Start of Block

Lemma skew_mod_mulmr a b : smod (smul a (smod b)) = smod (smul a b).
Proof.
apply: eq_skew_mod; rewrite -raddfB -opprB raddfN.
by apply/skew_rdvdN/skew_rdvd_mull; apply: skew_rdvd_sub_mod.
Qed.
End SkewDivision.

(** * Central factors and the Chinese remainder theorem *)

Section CentralPolynomials.
Variable q : nat.
Hypothesis theta_iter_q : forall x, theta_iter q x = x.

Lemma theta_iter_dvd i x : (q %| i)%N -> theta_iter i x = x.
Proof.
move/divnK <-; rewrite /theta_iter iterM.
by elim: (i %/ q)%N => //= k ->; apply: theta_iter_q.
Qed.

(* As Theta^q = id, such polynomials are central in R[x; Theta], where multiplying
   by them on either side is the ordinary polynomial product. *)
Definition qcentral g :=
  (forall i, Theta g`_i = g`_i) /\ (forall i, ~~ (q %| i)%N -> g`_i = 0).

Lemma qcentralXn n : (q %| n)%N -> qcentral 'X^n.
Proof.
move=> dvd_qn; split=> i; rewrite coefXn; first by rewrite rmorph_nat.
by case: eqP => // ->; rewrite dvd_qn.
Qed.

Lemma qcentral1 : qcentral 1.
Proof. by rewrite -(expr0 'X); apply: qcentralXn; rewrite dvdn0. Qed.

Lemma qcentralB f g : qcentral f -> qcentral g -> qcentral (f - g).
Proof.
move=> [fixf supf] [fixg supg]; split=> i; rewrite coefB ?rmorphB ?fixf ?fixg //.
by move=> ndvd_i; rewrite supf ?supg ?subr0.
Qed.

Lemma qcentralD f g : qcentral f -> qcentral g -> qcentral (f + g).
Proof.
move=> [fixf supf] [fixg supg]; split=> i; rewrite coefD ?rmorphD ?fixf ?fixg //.
by move=> ndvd_i; rewrite supf ?supg ?addr0.
Qed.

Lemma qcentralM f g : qcentral f -> qcentral g -> qcentral (f * g).
Proof.
move=> [fixf supf] [fixg supg]; split=> i; rewrite coefM.
  by rewrite rmorph_sum; apply: eq_bigr => j _; rewrite rmorphM fixf fixg.
move=> ndvd_i; apply: big1 => j _.
have [dvd_j | /supf ->] := boolP (q %| j)%N; last by rewrite mul0r.
rewrite supg ?mulr0 //; apply: contra ndvd_i => dvd_ij.
by rewrite -(subnK (leq_ord j)) dvdn_add.
Qed.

End of Block

Try it: Among the records above, extract exactly the lines from the line with "Lemma qcentralD f" to the line with "move=> [fixf supf] [fixg supg]; split=> i; rewrite coefM.", both lines included, and leave out the rest.

Exercise output:
Lemma qcentralD f g : qcentral f -> qcentral g -> qcentral (f + g).
Proof.
move=> [fixf supf] [fixg supg]; split=> i; rewrite coefD ?rmorphD ?fixf ?fixg //.
by move=> ndvd_i; rewrite supf ?supg ?addr0.
Qed.

Lemma qcentralM f g : qcentral f -> qcentral g -> qcentral (f * g).
Proof.
move=> [fixf supf] [fixg supg]; split=> i; rewrite coefM.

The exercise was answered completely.